Data Management
Lecture Notes for CS349W
Fall Quarter 2008
John Ousterhout
- Traditional GUI applications:
- Application-specific file format on disk
- Often binary (not a good idea)
- Recently, movement towards XML
- Application reads file into memory during startup
- Data kept entirely in memory while application runs
- Application-specific data structures provide fast access
- Data in memory is volatile: can be lost after a crash
- Making data durable:
- Explicit user "save" operation: regenerate entire disk file
- Auto-save at regular intervals
- Undo-redo log:
- Flush to disk after every operation
- Delete log during normal application exit
- Check for log during startup: presence of log means
application didn't exit normally
- Replay log to recover work lost during crash
- Problems with this approach for Web applications:
- Designed for single-user applications
- Stateful (vs. stateless trend for Web applications)
- How does this scale over multiple servers?
- How does it handle concurrency from multiple users?
- Web applications today use relational databases for back-end storage:
- Automatically get ACID properties: durability, support for
concurrent access by multiple users, etc.
- Relational model is general enough to support virtually anything.
- Web servers remain stateless:
- Each request executes database queries to retrieve the data it needs.

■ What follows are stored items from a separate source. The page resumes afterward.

Section NodeBounds.
Variables (R : realType) (S V : finType) (s : S -> R) (c : V -> R) (x : S -> V -> R) (Q : nat).
Hypotheses (s_gt0 : forall i, 0 < s i) (c_gt0 : forall j, 0 < c j).
Hypotheses (x_ge0 : forall i j, 0 <= x i j) (x_le1 : forall i j, x i j <= 1).
Hypothesis x_cap : forall j, \sum_i x i j * s i <= c j.
Hypothesis x_oversize : forall i j, c j < s i -> x i j = 0.
Hypothesis nslots_gtQ : forall j q, (Q < q)%N -> nslots s c x j q = 0%N.

Local Notation d := (d s c x).
Local Notation inP := (inP s c).
Local Notation pslot := (pslot s c x).
Local Notation pzeta := (pzeta s c x).
Local Notation slots_at := (slots_at s c x Q).
Local Notation node_mean := (node_mean s c x Q).
Local Notation miss_prob := (miss_prob s c x).
Local Notation zeta_large := (@Ordinal 3 0 isT).
Local Notation zeta_medium := (@Ordinal 3 1 isT).
Local Notation zeta_small := (@Ordinal 3 2 isT).
Implicit Types (A : {set V}) (j : V) (t : nat) (sg : slot V) (F : slot V -> R).

Definition load (j : V) (P : pred S) : R := \sum_(i | P i) s i * x i j.
Definition small_services (j : V) : pred S := fun i => s i <= c j * beta R.

Lemma sx_ge0 i j : 0 <= s i * x i j.
Proof. exact: mulr_ge0 (ltW (s_gt0 i)) (x_ge0 i j). Qed.

Lemma load_ge0 j P : 0 <= load j P.
Proof. by apply: sumr_ge0 => i _; exact: sx_ge0. Qed.

Lemma le_load j (P : pred S) i : P i -> s i * x i j <= load j P.
Proof. by move=> Pi; rewrite /load (bigD1 i) //= lerDl; apply: sumr_ge0 => *; exact: sx_ge0. Qed.

Lemma d_ge0 j cl : 0 <= d j cl.
Proof. by apply: sumr_ge0. Qed.

Lemma x_le_d j cl i : inP j cl i -> x i j <= d j cl.
Proof. by move=> Pi; rewrite /d (bigD1 i) //= lerDl; apply: sumr_ge0. Qed.

Lemma mul_d_le_load j cl (a : R) :
  (forall i, inP j cl i -> c j <= a * s i) -> c j * d j cl <= a * load j (inP j cl).
Proof.
move=> c_le; rewrite /d /load !mulr_sumr; apply: ler_sum => i /c_le c_le_i.
by rewrite mulrA ler_wpM2r.
Qed.

Lemma load_classes_le j :
  load j (inP j Plus) + load j (inP j Minus) + load j (small_services j) <= c j.
Proof.
apply: le_trans (x_cap j).
rewrite /load [X in X + _ + _]big_mkcond [X in _ + X + _]big_mkcond [X in _ + _ + X]big_mkcond.
rewrite -!big_split /=.
apply: ler_sum => i _; have := sx_ge0 i j; rewrite [x i j * s i]mulrC /small_services /beta /=.
by case: ifP => [/andP[? ?]|_]; case: ifP => [/andP[? ?]|_]; case: ifP => // ? ?; lra.
Qed.

Lemma pzeta_small_ge j :
  load j (small_services j) <= c j * pzeta j zeta_small /\
  c j / 4 + load j (small_services j) / 2 <= c j * pzeta j zeta_small.
Proof.
have plus : c j * d j Plus <= 2 * load j (inP j Plus).
  by apply: mul_d_le_load => i /andP[? ?]; lra.
have minus : c j * d j Minus <= 4 * load j (inP j Minus).
  by apply: mul_d_le_load => i /andP[? ?]; lra.
have c_pos := c_gt0 j.
have h_le : c j * h s c x j <= 4 * load j (inP j Minus) /\
            c j * h s c x j <= c j + 2 * load j (inP j Minus).
  by rewrite /h; have := d_ge0 j Minus; case: ltrP => ? ?; split; nra.
have := load_classes_le j; have := load_ge0 j (inP j Plus); have := load_ge0 j (inP j Minus).
by case: h_le; rewrite /pzeta /delta /=; split; nra.
Qed.

Lemma pzeta_ge0 j k : 0 <= pzeta j k.
Proof.
case: k => [[|[|k]] k_lt]; rewrite /pzeta /delta /=.
- by have := d_ge0 j Plus; lra.
- by rewrite /h; have := d_ge0 j Minus; case: ifP => _; lra.
- have [P_ge _] := pzeta_small_ge j; move: P_ge; rewrite /pzeta /delta /=.
  by have := load_ge0 j (small_services j); have := c_gt0 j; nra.
Qed.

Lemma pslot_ge0 sg i : 0 <= pslot sg i.
Proof. by rewrite /pslot; case: ifP => // _; apply: divr_ge0 (x_ge0 _ _) (d_ge0 _ _). Qed.

Lemma miss_prob_in01 A (i0 : S) sg : 0 <= miss_prob A i0 sg <= 1.
Proof.
apply/andP; split; first by apply: sumr_ge0 => i _; exact: pslot_ge0.
apply: le_trans (_ : \sum_i pslot sg i <= 1); last by rewrite sum_pslot lern1 leq_b1.
rewrite [leRHS](bigID (fun i => ~~ hits A i0 sg i)) /= lerDl.
by apply: sumr_ge0 => i _; exact: pslot_ge0.
Qed.

Lemma miss_prob_hit A (i0 : S) j cl t : j \in A -> inP j cl i0 -> 0 < x i0 j ->
  miss_prob A i0 (j, cl, t) = 1 - x i0 j / d j cl.
Proof.
move=> jA i0P x_gt0.
have d_neq0 : d j cl != 0 by rewrite gt_eqF // (lt_le_trans x_gt0) ?x_le_d.
have pslot_i0 : pslot (j, cl, t) i0 = x i0 j / d j cl by rewrite /pslot /= i0P.
have /eqP sum1 : \sum_i pslot (j, cl, t) i == 1 by rewrite sum_pslot /= d_neq0.
rewrite -pslot_i0 -sum1 (bigD1 i0) //= addrAC subrr add0r.
by apply: eq_bigl => i; rewrite /hits /= jA.
Qed.

Lemma node_mean_ge0 F j : (forall sg, 0 <= F sg) -> 0 <= node_mean F j.
Proof.
move=> F_ge0; apply: sumr_ge0 => k _; apply: mulr_ge0; first exact: pzeta_ge0.
by apply: prodr_ge0 => sg _.
Qed.

Lemma node_mean_le F j k0 : (forall sg, 0 <= F sg <= 1) ->
  node_mean F j <= 1 - pzeta j k0 * (1 - \prod_(sg <- slots_at j k0) F sg).
Proof.
move=> F01.
have G_le1 k : \prod_(sg <- slots_at j k) F sg <= 1 by apply: prodr_ile1.
have gap : 1 - node_mean F j = \sum_k pzeta j k * (1 - \prod_(sg <- slots_at j k) F sg).
  rewrite /node_mean -{1}(sum_pzeta s c x j) -sumrB.
  by apply: eq_bigr => k _; rewrite mulrBr mulr1.
suff : pzeta j k0 * (1 - \prod_(sg <- slots_at j k0) F sg) <= 1 - node_mean F j by lra.
rewrite gap (bigD1 k0) //= lerDl; apply: sumr_ge0 => k _.
by apply: mulr_ge0; [exact: pzeta_ge0 | have := G_le1 k; lra].
Qed.

Lemma node_mean_le1 F j : (forall sg, 0 <= F sg <= 1) -> node_mean F j <= 1.
Proof.
move=> F01; apply: le_trans (node_mean_le j ord0 F01) _.
have := pzeta_ge0 j ord0; have : \prod_(sg <- slots_at j ord0) F sg <= 1 by apply: prodr_ile1.
nra.
Qed.

Lemma node_mean_miss_large A (i0 : S) j : j \in A -> inP j Plus i0 -> 0 < x i0 j ->
  node_mean (miss_prob A i0) j <= 1 - x i0 j / 4.
Proof.
move=> jA i0P x_gt0; have := node_mean_le j zeta_large (miss_prob_in01 A i0).
rewrite /slots_at /= big_seq1 miss_prob_hit // /pzeta /delta /=.
have e : d j Plus * (x i0 j / d j Plus) = x i0 j.
  by rewrite mulrC divfK // gt_eqF // (lt_le_trans x_gt0) ?x_le_d.
lra.
Qed.

Lemma node_mean_miss_medium A (i0 : S) j : j \in A -> inP j Minus i0 -> 0 < x i0 j ->
  node_mean (miss_prob A i0) j <= 1 - 3/16 * x i0 j.
Proof.
move=> jA i0P x_gt0; have := node_mean_le j zeta_medium (miss_prob_in01 A i0).
rewrite /slots_at /= !big_cons big_nil !miss_prob_hit // mulr1 /pzeta /delta /h /=.
have d_gt0 : 0 < d j Minus by apply: lt_le_trans x_gt0 (x_le_d i0P).
set p := x i0 j / d j Minus.
have e : d j Minus * p = x i0 j by rewrite /p mulrC divfK // gt_eqF.
have p_le1 : p <= 1 by rewrite /p ler_pdivrMr // mul1r x_le_d.
have p_gt0 : 0 < p by rewrite /p divr_gt0.
have x_le := x_le1 i0 j.
have e2 : d j Minus * (p * p) = x i0 j * p by rewrite mulrA e.
case: (ltrP (d j Minus) 2) => [_ | d_ge2] /=; first nra.
have p_half : p <= 1/2 by nra.
nra.
Qed.

Lemma vv_mul_d_le_nslots j q : 0 <= vv s c x j ->
  vv s c x j * d j (Defs.Num q) <= (nslots s c x j q)%:R.
Proof.
move=> v_ge0; have vd_ge0 := mulr_ge0 v_ge0 (d_ge0 j (Defs.Num q)).
by rewrite /nslots natr_absz ger0_norm ?ceil_ge // ceil_ge0; lra.
Qed.

Lemma prod_small_slots_miss_le A (i0 : S) j q : j \in A -> (0 < q)%N -> (q <= Q)%N ->
  inP j (Defs.Num q) i0 -> 0 < x i0 j ->
  \prod_(sg <- slots_at j zeta_small) miss_prob A i0 sg <=
  (1 - x i0 j / d j (Defs.Num q)) ^+ nslots s c x j q.
Proof.
move=> jA q_gt0 q_le i0P x_gt0; rewrite /slots_at /= big_flatten /= big_map.
apply: le_trans (prod_le_factor _ (_ : q \in iota 1 Q)) _.
- move=> q' _; apply/andP; split.
    by apply: prodr_ge0 => sg _; case/andP: (miss_prob_in01 A i0 sg).
  by apply: prodr_ile1 => sg _; exact: miss_prob_in01.
- by rewrite mem_iota add1n ltnS q_gt0 q_le.
rewrite big_map (eq_bigr (fun=> 1 - x i0 j / d j (Defs.Num q))) => [|t _].
  by rewrite big_const_seq count_predT size_iota iter_mulr mulr1.
exact: miss_prob_hit.
Qed.

Lemma pzeta_small_gain j : 0 < load j (small_services j) ->
  3/16 <= pzeta j zeta_small * (1 - expR (- vv s c x j)).
Proof.
move=> L_gt0; have c_pos := c_gt0 j; have [P_ge1 P_ge2] := pzeta_small_ge j.
set L := load j (small_services j) in L_gt0 P_ge1 P_ge2.
have v_def : vv s c x j = 1/4 * c j / L by [].
have v_gt0 : 0 < vv s c x j by rewrite v_def divr_gt0 //; lra.
apply: mul_one_sub_expRN_ge => //.
  rewrite (_ : 4 * vv s c x j * _ = c j * pzeta j zeta_small / L).
    by rewrite ler_pdivlMr // mul1r.
  by rewrite v_def; field; rewrite lt0r_neq0.
rewrite -(ler_pM2l c_pos) (_ : c j * (1/4 + 1/(8 * vv s c x j)) = c j / 4 + L / 2) //.
by rewrite v_def; field; rewrite ?lt0r_neq0.
Qed.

- If a request makes updates they are committed to the database
by the end of the request.
- Easily scales to multiple servers, each communicating with the
database via a network.
- Problems with RDBMS: performance and scalability
- Performance:
- RDBMS may have to fetch data from disk for every request.
- Possible solution: caching in main memory
- By database itself
- By special caching service such as memcached
- Database storage structures and queries are very flexible and
general, but not optimized for any particular application or
algorithm:
- Pointer-based structures (lists, trees, etc.) seem
particularly difficult to implement efficiently
- RDBMS's grew up in a world of forms where response time of
0.5-5 seconds was fine and complex operations could take much
longer
- Highly interactive applications need response time in 10's of
milliseconds; is this beyond the capability or RDBMSs?
- ElectricCommander experience:
- Data retrieval time for not request almost always >= 250ms.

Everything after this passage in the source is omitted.